Onto this battlefield steps Tim Parks—novelist, essayist, reluctant meditator, and the very model of a secular European intellectual. In 2015, the Deutsch-Amerikanisches Institut sent him to a conference in Heidelberg, where he interviewed scientists and philosophers about these matters. Out of My Head: On the Trail of Consciousness is the result, and, happily, it doesn’t simply pile another snowflake onto the journalistic pop-science avalanche threatening to crush us with cheap, planetarium-style “wonder.” The book is slyer, more interesting than that, and a sortie not into science or metaphysics (except unsuccessfully) but into rhetoric, the art of persuasion. Parks has used the problem of consciousness as an occasion to prolong and vary a theme in his work: the interfusion of the intellectual life with the emotional one. With unassuming narrative skill, Parks has written an at times self-mocking inquiry into why we hold the particular beliefs we do.
So why do we? Analyzing a belief into the premises it rests on is possible, though rarely practicable. For example: I believe the sun will set this evening. I believe this because I also believe that my experience of thousands of sunsets in the past was not illusory and also because I believe that the heavenly bodies tend to repeat themselves. But when I ask myself why I believe these deeper beliefs, I feel suddenly bewildered and dizzy. I could keep seeking lower and lower premises, but I sense this would place me in the position of that Looney Tunes character who keeps snatching disguises off his enemy only to find another one beneath it. Analysis like this leads on to premises, but those premises themselves are still unfounded by analysis. “[Y]ou can never prove your first statement,” Chesterton told us, “or else it would not be your first.” Keeping this difficulty in mind, Alfred North Whitehead called this search for premises the proper goal of philosophy. But this search can never proceed through the sort of dry analysis that wants so desperately to assume the shape of a mathematical proof: I need another means entirely to select my embarkation point for thinking.
But the reader may have discerned already that almost nobody gets their beliefs by seeking sound premises and building toward necessary conclusions. For every belief acquired this way, a million others come to us not as verbal propositions at all but as quasi-conscious habits of mind acquired like an accent. And, as it is with accents, we absorbed these beliefs from a particular milieu, in course of learning how to get along in that milieu. Not syllogism but socialization convinced us of the better part of our beliefs, which soon turned as habitual as our gait, as our laugh, as our belief that space has three dimensions. Belief is bound to action. Pascal advised those lacking faith to act as though they did believe, to take holy water and go to mass. And, on the debit side of the ledger, Upton Sinclair noted that “it is difficult to get a man to understand something, when his salary depends upon his not understanding it.”

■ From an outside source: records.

Lemma choi_form_alpha K w : choi_form (alpha K) w = `|mxpair w K| ^+ 2.
Proof.
rewrite /choi_form /choi_block (block_form_alpha K (fun a c => delta_mx a c)).
rewrite block_form_units normCKC /mxpair; congr (_^* * _);
  by apply: eq_bigr => a _; rewrite !mxE; apply: eq_bigr => b _; rewrite !mxE mulrC.
Qed.

Lemma sum_sqr_norm_eq0 (I : eqType) (s : seq I) (f : I -> C) :
  \sum_(i <- s) `|f i| ^+ 2 = 0 <-> {in s, forall i, f i = 0}.
Proof.
split=> [/eqP | f0]; last first.
  by rewrite big_seq big1 // => i /f0 ->; rewrite normr0 expr2 mulr0.
rewrite psumr_eq0 => [/allP f0 i /f0|i _]; last exact: exprn_ge0.
by rewrite sqrf_eq0 normr_eq0 => /eqP.
Qed.

Lemma choi_form_kraus s w :
  choi_form (kraus_map s) w = \sum_(K <- s) `|mxpair w K| ^+ 2.
Proof.
rewrite /choi_form /choi_block /kraus_map block_form_sum.
by apply: eq_bigr => K _; exact: choi_form_alpha.
Qed.

End CompletelyPositive.

Section FlatBlock.
Variables (R : realType) (n k : nat).
Local Notation C := R[i].
Local Notation T := ('I_k * 'I_n)%type.
Local Notation N := #|{: T}|.
Local Notation rk := (@enum_rank T).
Local Notation ev := (@enum_val T (pred_of_argType T)).

Definition flat_block (X : 'I_k -> 'I_k -> 'M[C]_n) : 'M[C]_N :=
  \matrix_(i, j) X (ev i).1 (ev j).1 (ev i).2 (ev j).2.

Lemma flat_blockE X a b c d : flat_block X (rk (a, b)) (rk (c, d)) = X a c b d.
Proof. by rewrite mxE !enum_rankK. Qed.

Lemma sum_enum_rank (G : 'I_N -> C) :
  \sum_i G i = \sum_a \sum_b G (rk (a, b)).
Proof.
rewrite pair_bigA /= (reindex rk) /=; last exact/onW_bij/enum_rank_bij.
by apply: eq_bigr => -[a b].
Qed.

Lemma flat_block_psd X : psd_block X ->
  forall y : 'cV_N, 0 <= (adj y *m flat_block X *m y) 0 0.
Proof.
move=> psdX y; have := psdX (fun a => \col_b y (rk (a, b)) 0); congr (_ <= _).
rewrite mx_formE sum_enum_rank; apply: eq_bigr => a _.
under eq_bigr do rewrite mx_formE.
rewrite exchange_big; apply: eq_bigr => b _; rewrite sum_enum_rank.
by apply: eq_bigr => c _; apply: eq_bigr => d _; rewrite flat_blockE !mxE.
Qed.

End FlatBlock.

Section Choi.
Variables (R : realType) (n : nat).
Local Notation C := R[i].
Local Notation M := 'M[C]_n.
Local Notation T := ('I_n * 'I_n)%type.
Local Notation N := #|{: T}|.
Local Notation rk := (@enum_rank T).

Lemma linear_deltaE (F : M -> M) : linear F ->
  forall X, F X = \sum_a \sum_c X a c *: F (delta_mx a c).
Proof.
move=> linF X; have [FZ FD] := GRing.semilinear_linear linF.
have F0 : F 0 = 0 by rewrite -[in F _](scale0r 0) FZ /= scale0r.
rewrite {1}(matrix_sum_delta X) (big_morph F FD F0); apply: eq_bigr => a _.
by rewrite (big_morph F FD F0); apply: eq_bigr => c _; rewrite FZ.
Qed.

Lemma eq_linear_delta (F G : M -> M) : linear F -> linear G ->
  (forall a c, F (delta_mx a c) = G (delta_mx a c)) -> F =1 G.
Proof.
move=> linF linG FG X; rewrite linear_deltaE // [RHS]linear_deltaE //.
by apply: eq_bigr => a _; apply: eq_bigr => c _; rewrite FG.
Qed.

Lemma alpha_deltaE (K : M) a c b d :
  alpha K (delta_mx a c) b d = (K a b)^* * K c d.
Proof.
rewrite /alpha -(mul_delta_mx (0 : 'I_1)) mulmxA -[_ *m _ *m K]mulmxA.
by rewrite -colE -rowE mxE big_ord1 !mxE.
Qed.

Lemma kraus_map_enum r (Cs : 'I_r -> M) X :
  kraus_map [seq Cs i | i <- enum 'I_r] X = \sum_i alpha (Cs i) X.
Proof. by rewrite /kraus_map big_map big_enum. Qed.

Variable F : M -> M.
Hypotheses (linF : linear F) (psdF : psd_block (choi_block F)).

Local Open Scope sesquilinear_scope.
Local Notation J := (flat_block (choi_block F)).
Local Notation P := (spectralmx J).
Local Notation d := (spectral_diag J).

Lemma choi_spectral : J = P^t* *m diag_mx d *m P.
Proof.
have /orthomx_spectralP := hermitian_normalmx (psd_hermsymmx (flat_block_psd psdF)).
by rewrite invmx_unitary ?spectral_unitarymx.
Qed.

Lemma choi_eigen_ge0 i : 0 <= d 0 i.
Proof.
have -> : d 0 i = (P *m J *m P^t*) i i.
  move: P d (spectral_unitarymx J) choi_spectral => Q D /unitarymxP QU ->.
  by rewrite !mulmxA QU mul1mx -mulmxA QU mulmx1 mxE eqxx.
have := flat_block_psd psdF (adj (row i P)); congr (_ <= _).
rewrite adjmxK -row_mul mxE [RHS]mxE; apply: eq_bigr => j _.
by congr (_ * _); rewrite !mxE.
Qed.

Definition choi_kraus_coef (i : 'I_N) : M :=
  \matrix_(a, b) (sqrtC (d 0 i) * P i (rk (a, b))).

Theorem choi_kraus : is_kraus F choi_kraus_coef.
Proof.
move=> X; rewrite -kraus_map_enum; move: X.
apply: (eq_linear_delta linF (kraus_map_linear _)) => a c.
apply/matrixP => b e.
rewrite -(flat_blockE (choi_block F)) choi_spectral mul_mx_diag !mxE.
rewrite kraus_map_enum summxE; apply: eq_bigr => i _.
have s0 : 0 <= sqrtC (d 0 i) by rewrite sqrtC_ge0 choi_eigen_ge0.
rewrite alpha_deltaE !mxE rmorphM /= (conj_Creal (ger0_real s0)).
by rewrite mulrACA -expr2 sqrtCK; ring.
Qed.

End Choi.

Section Annihilator.
Variables (R : realType) (n : nat).
Local Notation C := R[i].
Local Notation M := 'M[C]_n.
Implicit Types (w x y : M) (S : {vspace M}).

Lemma mxpairD w x y : mxpair w (x + y) = mxpair w x + mxpair w y.
Proof.
rewrite /mxpair -big_split; apply: eq_bigr => a _; rewrite -big_split.
by apply: eq_bigr => b _; rewrite mxE mulrDr.
Qed.

Lemma mxpairZ w c x : mxpair w (c *: x) = c * mxpair w x.
Proof.
rewrite /mxpair mulr_sumr; apply: eq_bigr => a _; rewrite mulr_sumr.
by apply: eq_bigr => b _; rewrite mxE mulrCA.
Qed.

Lemma mxpair0 w : mxpair w 0 = 0.
Proof. by rewrite -(scale0r 0) mxpairZ mul0r. Qed.

Lemma ann_sep S x : x \notin S ->
  exists2 w, {in S, forall y, mxpair w y = 0} & mxpair w x != 0.
Proof.
move=> xS; pose f : 'End(M) := (\1 - projv S)%VF.
have fE y : f y = y - projv S y by rewrite add_lfunE opp_lfunE id_lfunE.
have /matrix0Pn [a [b fx]] : f x != 0.
  by rewrite fE subr_eq0; apply: contra xS => /eqP ->; exact: memv_proj.
pose w : M := \matrix_(a', b') f (delta_mx a' b') a b.
have pairE y : mxpair w y = f y a b.
  rewrite {2}(matrix_sum_delta y) linear_sum summxE; apply: eq_bigr => a' _.
  rewrite linear_sum summxE; apply: eq_bigr => b' _.
  by rewrite linearZ !mxE mulrC.
exists w => [y yS|]; last by rewrite pairE.
by rewrite pairE fE projv_id // subrr mxE.
Qed.

Lemma memv_ann S x :
  x \in S <-> forall w, {in S, forall y, mxpair w y = 0} -> mxpair w x = 0.
Proof.
split=> [xS w wS | xann]; first exact: wS.
apply/contraT => /ann_sep [w /xann ->]; by rewrite eqxx.
Qed.

Lemma eq_vspace_ann S1 S2 :
  (forall w, {in S1, forall y, mxpair w y = 0} <->
             {in S2, forall y, mxpair w y = 0}) ->
  S1 = S2.
Proof.
move=> ann12; apply/vspaceP => x.
by apply/idP/idP => /memv_ann xann; apply/memv_ann => w /ann12; exact: xann.
Qed.

Lemma ann_span (s : seq M) w :
  {in <<s>>%VS, forall y, mxpair w y = 0} <-> {in s, forall y, mxpair w y = 0}.
Proof.
split=> ann y ys; first exact/ann/memv_span.
rewrite (coord_span (X := in_tuple s) ys).
elim/big_rec: _ => [|i z _ zann]; first exact: mxpair0.
by rewrite mxpairD mxpairZ zann ann ?mem_nth // mulr0 addr0.
Qed.

Lemma ann_sumv I (r : seq I) (P : pred I) (Vs : I -> {vspace M}) w :
  (forall i, P i -> {in Vs i, forall y, mxpair w y = 0}) ->
  {in (\sum_(i <- r | P i) Vs i)%VS, forall y, mxpair w y = 0}.
Proof.
move=> ann; elim/big_rec: _ => [|i U Pi annU] y.
  by rewrite memv0 => /eqP ->; exact: mxpair0.
by case/memv_addP => [y1 y1V [y2 y2U ->]]; rewrite mxpairD (ann i) // annU ?addr0.
Qed.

This “other means,” then, this sui generis mode of intellectual flight by which we soar to premises, is likely rooted in our society with other human beings. And from this principle professional thinkers aren’t exempt: their analytic skills may have the forbidding intricacy of a NASA command module, but they still took the unproven premises of their thought from the common trough of life experience. Out of My Head is a lengthy illustration of how we are socialized into the premises of our thought.
The majority of writers suggest with heavy hints that their motives for writing are a dedication to truth and a desire to rain blessings on the species. Admirably, Parks admits other, less admirable motives. First, Parks wants to evade embarrassment, as we all do when not in a Dostoevskyan mood. Parks mourns when forced to abandon a “process” theory of consciousness because it “sounded credible and respectable. Process is not a word you need feel ashamed of.” Apropos of interviewing neuroscientists, Parks says he is “afraid of seeming stupid again,” a statement very different from, “I am afraid of embracing a falsehood.” Even when relating his daily Buddhist affirmation (“May all creatures be happy,” etc.), Parks adds, “It is a little embarrassing to admit that I repeat this formula every day.” The embarrassment inherent to Buddhist lovingkindness he declines to spell out, but embarrassment is clearly in the psychological saddle.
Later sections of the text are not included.